**Task directions**
Filter the records below for the word "else". Keep each line that has it.

[Stored items]

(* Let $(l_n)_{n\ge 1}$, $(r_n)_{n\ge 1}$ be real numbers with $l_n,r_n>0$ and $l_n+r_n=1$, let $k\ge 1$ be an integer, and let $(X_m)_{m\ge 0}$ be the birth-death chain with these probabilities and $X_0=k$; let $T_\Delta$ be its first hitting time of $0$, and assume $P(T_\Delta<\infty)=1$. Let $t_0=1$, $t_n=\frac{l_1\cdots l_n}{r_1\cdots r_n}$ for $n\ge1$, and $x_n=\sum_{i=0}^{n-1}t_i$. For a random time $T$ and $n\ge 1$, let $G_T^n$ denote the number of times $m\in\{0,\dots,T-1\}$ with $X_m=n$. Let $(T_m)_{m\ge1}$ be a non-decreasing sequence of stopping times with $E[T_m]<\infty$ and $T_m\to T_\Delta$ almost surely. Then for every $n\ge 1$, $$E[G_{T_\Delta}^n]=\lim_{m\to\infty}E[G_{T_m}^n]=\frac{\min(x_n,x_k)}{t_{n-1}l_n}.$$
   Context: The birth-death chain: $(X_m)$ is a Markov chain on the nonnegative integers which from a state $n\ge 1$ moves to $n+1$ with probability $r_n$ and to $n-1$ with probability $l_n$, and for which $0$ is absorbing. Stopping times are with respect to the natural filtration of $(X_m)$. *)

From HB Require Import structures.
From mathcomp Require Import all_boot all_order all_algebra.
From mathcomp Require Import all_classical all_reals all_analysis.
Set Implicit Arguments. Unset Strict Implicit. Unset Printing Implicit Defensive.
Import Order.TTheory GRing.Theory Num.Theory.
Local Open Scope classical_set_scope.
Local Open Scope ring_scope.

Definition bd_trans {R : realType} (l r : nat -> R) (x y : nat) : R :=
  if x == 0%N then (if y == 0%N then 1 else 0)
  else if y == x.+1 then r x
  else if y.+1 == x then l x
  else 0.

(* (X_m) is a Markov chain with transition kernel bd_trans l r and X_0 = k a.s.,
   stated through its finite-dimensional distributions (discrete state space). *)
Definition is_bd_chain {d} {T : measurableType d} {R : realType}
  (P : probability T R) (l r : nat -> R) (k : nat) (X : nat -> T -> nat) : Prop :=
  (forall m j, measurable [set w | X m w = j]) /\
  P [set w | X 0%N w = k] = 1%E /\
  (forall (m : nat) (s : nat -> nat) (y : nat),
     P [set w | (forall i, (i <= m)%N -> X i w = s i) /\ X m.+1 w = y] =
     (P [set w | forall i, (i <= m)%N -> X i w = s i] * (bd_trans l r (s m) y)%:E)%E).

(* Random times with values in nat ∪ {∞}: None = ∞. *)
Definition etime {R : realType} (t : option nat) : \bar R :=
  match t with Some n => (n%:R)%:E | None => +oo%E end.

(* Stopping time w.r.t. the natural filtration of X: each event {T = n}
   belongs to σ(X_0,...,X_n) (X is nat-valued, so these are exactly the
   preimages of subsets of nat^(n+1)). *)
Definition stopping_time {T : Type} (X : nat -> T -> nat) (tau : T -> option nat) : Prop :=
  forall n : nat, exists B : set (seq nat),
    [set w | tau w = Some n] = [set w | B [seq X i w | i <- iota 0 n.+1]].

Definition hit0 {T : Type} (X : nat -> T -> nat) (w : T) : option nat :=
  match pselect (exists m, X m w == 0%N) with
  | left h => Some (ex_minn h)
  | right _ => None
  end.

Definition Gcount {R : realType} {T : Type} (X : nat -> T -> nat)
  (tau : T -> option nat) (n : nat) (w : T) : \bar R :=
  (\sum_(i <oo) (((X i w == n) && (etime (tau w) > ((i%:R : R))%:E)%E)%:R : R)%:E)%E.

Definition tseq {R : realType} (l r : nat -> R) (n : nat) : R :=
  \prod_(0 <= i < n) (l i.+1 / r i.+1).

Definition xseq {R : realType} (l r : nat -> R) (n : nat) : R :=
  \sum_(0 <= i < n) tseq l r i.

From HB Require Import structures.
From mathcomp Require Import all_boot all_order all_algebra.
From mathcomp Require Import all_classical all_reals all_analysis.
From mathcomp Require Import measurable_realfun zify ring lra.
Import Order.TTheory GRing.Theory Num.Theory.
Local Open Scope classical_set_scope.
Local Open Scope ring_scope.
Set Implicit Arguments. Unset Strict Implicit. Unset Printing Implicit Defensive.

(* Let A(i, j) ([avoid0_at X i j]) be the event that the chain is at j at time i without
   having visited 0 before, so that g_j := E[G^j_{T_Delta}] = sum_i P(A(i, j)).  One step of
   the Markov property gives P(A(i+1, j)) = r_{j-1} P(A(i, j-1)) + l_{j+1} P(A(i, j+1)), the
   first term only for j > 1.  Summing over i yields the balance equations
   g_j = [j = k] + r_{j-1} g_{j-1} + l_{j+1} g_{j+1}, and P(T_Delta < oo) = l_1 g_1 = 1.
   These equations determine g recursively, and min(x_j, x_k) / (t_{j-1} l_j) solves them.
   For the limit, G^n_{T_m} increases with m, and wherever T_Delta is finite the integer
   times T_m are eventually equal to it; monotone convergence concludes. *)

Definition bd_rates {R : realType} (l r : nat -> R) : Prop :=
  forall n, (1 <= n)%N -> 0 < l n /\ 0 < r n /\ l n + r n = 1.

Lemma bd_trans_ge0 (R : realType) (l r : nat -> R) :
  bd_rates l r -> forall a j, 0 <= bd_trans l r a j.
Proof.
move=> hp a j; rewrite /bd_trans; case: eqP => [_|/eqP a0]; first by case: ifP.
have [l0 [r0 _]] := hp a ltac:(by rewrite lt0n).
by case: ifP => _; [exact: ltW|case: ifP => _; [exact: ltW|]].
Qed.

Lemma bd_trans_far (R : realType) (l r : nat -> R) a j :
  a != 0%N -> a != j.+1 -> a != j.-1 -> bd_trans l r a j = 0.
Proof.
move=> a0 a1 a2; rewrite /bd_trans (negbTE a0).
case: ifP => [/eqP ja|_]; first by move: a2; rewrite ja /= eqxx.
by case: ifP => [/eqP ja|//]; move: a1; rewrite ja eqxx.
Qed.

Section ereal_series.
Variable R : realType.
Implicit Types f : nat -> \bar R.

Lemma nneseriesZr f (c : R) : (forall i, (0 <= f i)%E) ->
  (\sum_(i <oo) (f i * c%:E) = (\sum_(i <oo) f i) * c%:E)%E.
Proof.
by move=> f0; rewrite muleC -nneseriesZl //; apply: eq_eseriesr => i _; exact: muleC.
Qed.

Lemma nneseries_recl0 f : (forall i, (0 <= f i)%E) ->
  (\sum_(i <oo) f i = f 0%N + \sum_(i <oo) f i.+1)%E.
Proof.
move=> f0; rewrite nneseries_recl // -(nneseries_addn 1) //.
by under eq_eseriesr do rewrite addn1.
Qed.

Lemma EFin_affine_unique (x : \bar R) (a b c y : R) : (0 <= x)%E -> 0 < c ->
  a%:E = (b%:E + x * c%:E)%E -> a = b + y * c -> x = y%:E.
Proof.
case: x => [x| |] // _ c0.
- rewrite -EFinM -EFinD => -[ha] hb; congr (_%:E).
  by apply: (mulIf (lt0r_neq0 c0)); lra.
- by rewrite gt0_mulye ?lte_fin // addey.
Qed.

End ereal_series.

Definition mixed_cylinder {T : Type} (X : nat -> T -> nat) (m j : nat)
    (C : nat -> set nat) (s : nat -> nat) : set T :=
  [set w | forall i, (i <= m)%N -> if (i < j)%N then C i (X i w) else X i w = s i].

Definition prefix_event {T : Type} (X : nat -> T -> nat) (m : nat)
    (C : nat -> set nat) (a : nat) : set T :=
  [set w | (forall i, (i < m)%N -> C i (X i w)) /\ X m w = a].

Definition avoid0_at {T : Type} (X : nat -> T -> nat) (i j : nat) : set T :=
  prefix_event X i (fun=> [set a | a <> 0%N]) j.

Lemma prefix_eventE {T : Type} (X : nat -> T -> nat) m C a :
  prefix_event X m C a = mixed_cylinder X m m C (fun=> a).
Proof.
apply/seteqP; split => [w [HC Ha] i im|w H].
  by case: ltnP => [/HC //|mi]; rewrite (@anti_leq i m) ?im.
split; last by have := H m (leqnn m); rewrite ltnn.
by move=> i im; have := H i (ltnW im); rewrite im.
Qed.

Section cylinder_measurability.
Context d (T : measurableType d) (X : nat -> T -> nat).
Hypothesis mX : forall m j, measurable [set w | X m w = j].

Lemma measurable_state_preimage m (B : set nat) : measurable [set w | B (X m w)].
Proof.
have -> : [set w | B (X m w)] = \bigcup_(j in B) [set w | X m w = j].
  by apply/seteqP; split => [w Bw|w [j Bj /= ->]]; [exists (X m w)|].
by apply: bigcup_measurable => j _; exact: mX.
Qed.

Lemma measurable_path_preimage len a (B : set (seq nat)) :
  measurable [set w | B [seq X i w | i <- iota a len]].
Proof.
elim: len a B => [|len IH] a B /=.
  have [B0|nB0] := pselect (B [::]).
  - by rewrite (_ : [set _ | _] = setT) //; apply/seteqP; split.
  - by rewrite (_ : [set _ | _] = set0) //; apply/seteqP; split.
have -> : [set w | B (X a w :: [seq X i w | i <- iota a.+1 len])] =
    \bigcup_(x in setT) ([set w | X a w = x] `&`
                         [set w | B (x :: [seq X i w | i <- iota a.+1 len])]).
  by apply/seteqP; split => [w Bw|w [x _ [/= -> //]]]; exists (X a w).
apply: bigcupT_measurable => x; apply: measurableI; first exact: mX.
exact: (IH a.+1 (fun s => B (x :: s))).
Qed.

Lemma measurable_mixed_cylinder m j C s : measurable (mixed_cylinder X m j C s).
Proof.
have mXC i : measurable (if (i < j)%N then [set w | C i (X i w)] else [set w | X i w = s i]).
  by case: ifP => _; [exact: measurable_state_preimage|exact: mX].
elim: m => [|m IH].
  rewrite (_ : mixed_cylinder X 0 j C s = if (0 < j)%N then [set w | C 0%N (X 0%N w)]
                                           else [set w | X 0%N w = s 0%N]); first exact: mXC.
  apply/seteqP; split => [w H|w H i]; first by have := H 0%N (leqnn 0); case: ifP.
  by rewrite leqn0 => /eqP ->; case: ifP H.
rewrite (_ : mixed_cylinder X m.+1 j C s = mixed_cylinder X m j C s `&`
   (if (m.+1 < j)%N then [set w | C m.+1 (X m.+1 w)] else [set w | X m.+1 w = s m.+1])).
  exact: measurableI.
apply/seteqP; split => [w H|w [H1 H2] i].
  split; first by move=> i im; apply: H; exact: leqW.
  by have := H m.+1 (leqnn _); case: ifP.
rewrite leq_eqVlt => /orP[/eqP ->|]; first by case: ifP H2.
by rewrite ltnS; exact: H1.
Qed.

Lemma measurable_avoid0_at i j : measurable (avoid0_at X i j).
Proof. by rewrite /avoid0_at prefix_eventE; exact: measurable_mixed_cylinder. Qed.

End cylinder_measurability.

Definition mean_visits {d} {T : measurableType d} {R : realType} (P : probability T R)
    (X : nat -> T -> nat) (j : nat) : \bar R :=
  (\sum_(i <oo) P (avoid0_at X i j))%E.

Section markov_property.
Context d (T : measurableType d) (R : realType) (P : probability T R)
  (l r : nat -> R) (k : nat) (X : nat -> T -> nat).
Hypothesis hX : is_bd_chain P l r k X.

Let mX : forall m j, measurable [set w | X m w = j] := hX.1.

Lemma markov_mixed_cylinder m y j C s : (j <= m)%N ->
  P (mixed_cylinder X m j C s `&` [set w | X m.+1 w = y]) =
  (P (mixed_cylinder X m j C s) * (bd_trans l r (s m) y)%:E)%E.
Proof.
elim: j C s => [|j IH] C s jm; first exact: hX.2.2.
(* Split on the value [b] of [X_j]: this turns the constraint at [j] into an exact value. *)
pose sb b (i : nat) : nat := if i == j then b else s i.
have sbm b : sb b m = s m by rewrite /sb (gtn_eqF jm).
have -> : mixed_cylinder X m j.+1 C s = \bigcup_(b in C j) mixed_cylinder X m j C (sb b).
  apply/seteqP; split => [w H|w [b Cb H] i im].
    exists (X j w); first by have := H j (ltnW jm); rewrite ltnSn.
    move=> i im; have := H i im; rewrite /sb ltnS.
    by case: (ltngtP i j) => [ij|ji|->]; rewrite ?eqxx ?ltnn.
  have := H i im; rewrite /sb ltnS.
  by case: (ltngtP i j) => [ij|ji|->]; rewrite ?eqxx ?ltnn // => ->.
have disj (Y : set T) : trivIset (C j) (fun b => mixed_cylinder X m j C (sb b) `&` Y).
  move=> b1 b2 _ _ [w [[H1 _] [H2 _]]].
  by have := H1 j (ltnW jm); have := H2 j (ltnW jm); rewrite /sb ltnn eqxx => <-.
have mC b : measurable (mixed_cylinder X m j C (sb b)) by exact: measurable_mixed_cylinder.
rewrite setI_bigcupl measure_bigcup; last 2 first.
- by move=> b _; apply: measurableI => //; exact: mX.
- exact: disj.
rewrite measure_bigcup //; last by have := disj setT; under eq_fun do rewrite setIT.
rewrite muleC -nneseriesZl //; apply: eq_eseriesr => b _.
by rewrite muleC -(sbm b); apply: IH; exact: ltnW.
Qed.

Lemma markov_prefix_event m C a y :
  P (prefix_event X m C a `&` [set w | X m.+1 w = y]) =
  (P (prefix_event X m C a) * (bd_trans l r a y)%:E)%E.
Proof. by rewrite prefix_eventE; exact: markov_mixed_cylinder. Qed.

**Answer section**
  if x == 0%N then (if y == 0%N then 1 else 0)
  else if y == x.+1 then r x
  else if y.+1 == x then l x
  else 0.
  [set w | forall i, (i <= m)%N -> if (i < j)%N then C i (X i w) else X i w = s i].
have mXC i : measurable (if (i < j)%N then [set w | C i (X i w)] else [set w | X i w = s i]).
                                           else [set w | X 0%N w = s 0%N]); first exact: mXC.
   (if (m.+1 < j)%N then [set w | C m.+1 (X m.+1 w)] else [set w | X m.+1 w = s m.+1])).
pose sb b (i : nat) : nat := if i == j then b else s i.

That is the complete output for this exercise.